- YOUR INSTRUCTIONS -
In the records below, begin at the line containing "apply/eqP => /(congr1" and end at the line containing "Lemma Emx_coef (i"; quote every line in that span exactly, including both boundary lines, and no others.

- MATERIAL FOR THE TASK -

(* Let $a\in\mathbb{R}$ with $a>5$ and $n\in\mathbb{N}$. Let $E_n(a,1)$ be the $(n+1)\times n$ matrix whose $(i,j)$ entry is $-a$ if $i=j$, $1$ if $j=i+1$, $a$ if $i=j+1$, $-1$ if $i=j+2$, and $0$ otherwise. Then for every $1\le k\le n+1$, the $n\times n$ matrix $E_n^k(a,1)$ obtained by deleting the $k$-th row of $E_n(a,1)$ is invertible; that is, all order-$n$ minors of $E_n(a,1)$ are nonzero. *)

(* Indices are 0-based ordinals; the paper's 1-based (i,j)
   conditions i=j, j=i+1, i=j+1, i=j+2 are invariant under the shift. *)
From mathcomp Require Import all_boot all_order all_algebra.
From mathcomp Require Import reals.
Set Implicit Arguments. Unset Strict Implicit. Unset Printing Implicit Defensive.
Import Order.TTheory GRing.Theory Num.Theory.
Local Open Scope ring_scope.

Definition Emx (R : pzRingType) (n : nat) (a : R) : 'M[R]_(n.+1, n) :=
  \matrix_(i < n.+1, j < n)
    (if i == j :> nat then - a
     else if j == i.+1 :> nat then 1
     else if i == j.+1 :> nat then a
     else if i == j.+2 :> nat then -1
     else 0).

Definition Edel (R : pzRingType) (n : nat) (a : R) (k : 'I_n.+1) : 'M[R]_n :=
  \matrix_(i < n, j < n) Emx n a (lift k i) j.

From mathcomp Require Import all_boot all_order all_algebra.
From mathcomp Require Import reals ring lra zify.
Set Implicit Arguments.
Unset Strict Implicit.
Unset Printing Implicit Defensive.

Import Order.TTheory GRing.Theory Num.Theory.
Local Open Scope ring_scope.

(* Read c : 'cV_n as the polynomial c(X) of degree < n. The entries of
   E_n(a,1) c are the coefficients of X^1, ..., X^(n+1) in q(X) c(X), where
   q = 1 - aX + aX^2 - X^3 = (1 - X)(X^2 - (a - 1)X + 1). So if c is in the
   kernel of E_n^k(a,1), then q c = x + w X^(k+1) + z X^(n+2) is a trinomial.
   For a > 3, q has the roots 1, l and 1/l with l > 1, and a trinomial
   x + y X^p + z X^r with 0 < p < r vanishing at these three points is zero;
   hence q c = 0 and c = 0. *)

Lemma sumr_ord_widen (V : nmodType) (m N : nat) (F : nat -> V) :
  (m <= N)%N -> (forall j, (m <= j)%N -> F j = 0) ->
  \sum_(j < m) F j = \sum_(j < N) F j.
Proof.
move=> hmN hF; rewrite (big_ord_widen _ _ hmN) big_mkcond.
by apply: eq_bigr => j _; case: ltnP => // /hF.
Qed.

Definition Epoly {R : nzRingType} (a : R) : {poly R} := Poly [:: 1; - a; a; -1].

Section Emx_poly.
Variables (R : comNzRingType) (n : nat) (a : R).

Lemma horner_Epoly (t : R) : (Epoly a).[t] = 1 - a * t + a * t ^+ 2 - t ^+ 3.
Proof. by rewrite horner_Poly /=; ring. Qed.

Lemma Epoly_neq0 : Epoly a != 0.
Proof.
apply/eqP => /(congr1 (fun p : {poly R} => p`_0)).
by rewrite coef_Poly coef0 /=; apply/eqP; rewrite oner_eq0.
Qed.

Lemma root_Epoly1 : root (Epoly a) 1.
Proof. by rewrite /root horner_Epoly; apply/eqP; ring. Qed.

Lemma Emx_coef (i : 'I_n.+1) (j : 'I_n) :
  Emx n a i j = if (j <= i.+1)%N then (Epoly a)`_(i.+1 - j) else 0.
Proof.
rewrite mxE coef_Poly; case: leqP => hj.
  case hd: (i.+1 - j)%N => [|[|[|[|d]]]] /=; rewrite ?nth_nil;
  by repeat case: eqP => ? //; lia.
by repeat case: eqP => ? //; lia.
Qed.

Lemma coef_rVpoly_ge (v : 'rV[R]_n) (j : nat) : (n <= j)%N -> (rVpoly v)`_j = 0.
Proof. by move=> hj; rewrite coef_rVpoly insubN // -leqNgt. Qed.

Lemma mulmx_Emx_coef (c : 'cV[R]_n) (i : 'I_n.+1) :
  (Emx n a *m c) i 0 = (Epoly a * rVpoly c^T)`_i.+1.
Proof.
set C := rVpoly c^T.
pose F j := (if (j <= i.+1)%N then (Epoly a)`_(i.+1 - j) else 0) * C`_j.
rewrite mxE coefMr.
rewrite (eq_bigr (fun j : 'I_n => F j)); last first.
  by move=> j _; rewrite /F Emx_coef coef_rVpoly_ord mxE.
rewrite [RHS](eq_bigr (fun j : 'I_i.+2 => F j)); last first.
  by move=> j _; rewrite /F -ltnS ltn_ord.
rewrite (@sumr_ord_widen _ _ (n + i.+2)) ?leq_addr //; last first.
  by move=> j hj; rewrite /F coef_rVpoly_ge ?mulr0.
rewrite [RHS](@sumr_ord_widen _ _ (n + i.+2)) ?leq_addl // => j hj.
by rewrite /F leqNgt hj mul0r.
Qed.

End Emx_poly.

Section EdelKernel.
Variables (R : comNzRingType) (n : nat) (a : R) (k : 'I_n.+1) (c : 'cV[R]_n).
Hypothesis hc : Edel a k *m c = 0.

Lemma Edel_rowsub : Edel a k = rowsub (lift k) (Emx n a).
Proof. by apply/matrixP => i j; rewrite !mxE. Qed.

Lemma mulmx_Emx_Edel_kernel (i : 'I_n.+1) : i != k -> (Emx n a *m c) i 0 = 0.
Proof.
case: (unliftP k i) => [j -> _|->]; last by rewrite eqxx.
by move/matrixP/(_ j 0): hc; rewrite Edel_rowsub mul_rowsub_mx !mxE.
Qed.

Lemma Epoly_mul_Edel_kernel (P := Epoly a * rVpoly c^T) :
  P = (P`_0)%:P + (Emx n a *m c) k 0 *: 'X^(k.+1) + P`_n.+2 *: 'X^(n.+2).
Proof.
have szP : (size P <= n.+3)%N.
  apply: leq_trans (size_polyMleq _ _) _; rewrite -subn1 leq_subLR.
  exact: leq_add (size_Poly _) (size_poly _ _).
rewrite -{1}(coefK P) poly_def.
rewrite (@sumr_ord_widen _ _ n.+3 (fun i => P`_i *: 'X^i)) //; last first.
  by move=> j hj; rewrite nth_default ?scale0r.
rewrite big_ord_recl big_ord_recr /= (bigD1 k) //= big1 ?addr0 => [|i hik].
  by rewrite /bump /= !add1n expr0 alg_polyC addrA mulmx_Emx_coef.
by rewrite /bump add1n -mulmx_Emx_coef mulmx_Emx_Edel_kernel ?scale0r.
Qed.
End EdelKernel.

Lemma root_EpolyV (R : fieldType) (a t : R) : root (Epoly a) t -> root (Epoly a) t^-1.
Proof.
rewrite /root !horner_Epoly => /eqP ht.
have t0 : t != 0.
  apply: contra_eq_neq ht => ->.
  by rewrite !(mulr0, exprS, mul0r, subr0, addr0) oner_neq0.
apply/eqP; transitivity (- (1 - a * t + a * t ^+ 2 - t ^+ 3) / t ^+ 3); first by field.
by rewrite ht oppr0 mul0r.
Qed.

Lemma Epoly_root_gt1 (R : rcfType) (a : R) : 3 < a -> exists2 l, 1 < l & root (Epoly a) l.
Proof.
move=> ha; set s := a - 1; set d := Num.sqrt (s ^+ 2 - 4).
have d0 : 0 <= d := sqrtr_ge0 _.
have d2 : d ^+ 2 = s ^+ 2 - 4 by rewrite sqr_sqrtr //; rewrite /s; nra.
exists ((s + d) / 2); first by rewrite /s; lra.
rewrite /root horner_Epoly.
have -> : 1 - a * ((s + d) / 2) + a * ((s + d) / 2) ^+ 2 - ((s + d) / 2) ^+ 3
        = (2 - s - d) * (d ^+ 2 - (s ^+ 2 - 4)) / 8 by rewrite /s; field.
by rewrite d2 subrr mulr0 mul0r.
Qed.

Lemma trinomial_roots_eq0 (R : realFieldType) (l x y z : R) (p r : nat)
    (T := x%:P + y *: 'X^p + z *: 'X^r) :
  1 < l -> (0 < p < r)%N -> root T 1 -> root T l -> root T l^-1 ->
  [/\ x = 0, y = 0 & z = 0].
Proof.
move=> l1 /andP[p0 pr]; rewrite /root /T !hornerE !expr1n !mulr1.
move=> /eqP e1 /eqP el /eqP ei.
set P := l ^+ p in el ei; set D := l ^+ (r - p).
have lr : l ^+ r = P * D by rewrite -exprD subnKC // ltnW.
have P1 : 1 < P by rewrite exprn_egt1 // -lt0n.
have D1 : 1 < D by rewrite exprn_egt1 // subn_eq0 -ltnNge.
rewrite lr in el; rewrite !exprVn lr -/P in ei.
have eV : x * (P * D) + y * D + z = 0.
  transitivity ((x + y * P^-1 + z * (P * D)^-1) * (P * D)); last by rewrite ei mul0r.
  by field; rewrite (gt_eqF (lt_trans ltr01 D1)) (gt_eqF (lt_trans ltr01 P1)).
have y0 : y = 0.
  have : y * ((P - 1) * (1 - D)) = 0.
    transitivity ((x + y * P + z * (P * D)) - (x + y + z)
                  + (x * (P * D) + y * D + z) - P * D * (x + y + z)); first by ring.
    by rewrite el e1 eV !(mulr0, subr0, addr0).
  by move/eqP; rewrite !mulf_eq0 !subr_eq0 (gt_eqF P1) (lt_eqF D1) !orbF => /eqP.
have z0 : z = 0.
  have : z * (P * D - 1) = 0.
    transitivity ((x + y * P + z * (P * D)) - (x + y + z)); first by rewrite y0; ring.
    by rewrite el e1 subrr.
  have PD1 : 1 < P * D by nra.
  by move/eqP; rewrite mulf_eq0 subr_eq0 (gt_eqF PD1) orbF => /eqP.
by split=> //; move: e1; rewrite y0 z0 !addr0.
Qed.

Lemma Edel_kernel_eq0 (R : rcfType) (n : nat) (a : R) (k : 'I_n.+1) (c : 'cV[R]_n) :
  3 < a -> Edel a k *m c = 0 -> c = 0.
Proof.
move=> ha hc; set P := Epoly a * rVpoly c^T.
have PT := Epoly_mul_Edel_kernel hc; rewrite -/P in PT.
have rootP t : root (Epoly a) t -> root P t.
  by rewrite /root hornerM => /eqP ->; rewrite mul0r.
rewrite PT in rootP.
have [l l1 rl] := Epoly_root_gt1 ha.
have kn : (0 < k.+1 < n.+2)%N by rewrite /= ltnS ltn_ord.
have [P0 w0 Pn0] := trinomial_roots_eq0 l1 kn (rootP _ (root_Epoly1 a))
  (rootP _ rl) (rootP _ (root_EpolyV rl)).
have /eqP : P = 0 by rewrite PT P0 w0 Pn0 !scale0r !addr0.
rewrite mulf_eq0 (negbTE (Epoly_neq0 a)) /= => /eqP /(congr1 (@poly_rV _ n)).
by rewrite rVpolyK linear0 => /(congr1 trmx); rewrite trmxK trmx0.
Qed.

Theorem proposition4p2 (R : realType) (a : R) (n : nat) (ha : 5 < a) :
  forall k : 'I_n.+1, @Edel R n a k \in unitmx.
Proof.
have ha3 : 3 < a by lra.
move=> k; rewrite -unitmx_tr -row_free_unit; apply/inj_row_free => v.
move/(congr1 trmx); rewrite trmx_mul trmxK trmx0 => /(Edel_kernel_eq0 ha3) vT0.
by rewrite -[v]trmxK vT0 trmx0.
Qed.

- RESPONSE AREA -
apply/eqP => /(congr1 (fun p : {poly R} => p`_0)).
by rewrite coef_Poly coef0 /=; apply/eqP; rewrite oner_eq0.
Qed.

Lemma root_Epoly1 : root (Epoly a) 1.
Proof. by rewrite /root horner_Epoly; apply/eqP; ring. Qed.

Lemma Emx_coef (i : 'I_n.+1) (j : 'I_n) :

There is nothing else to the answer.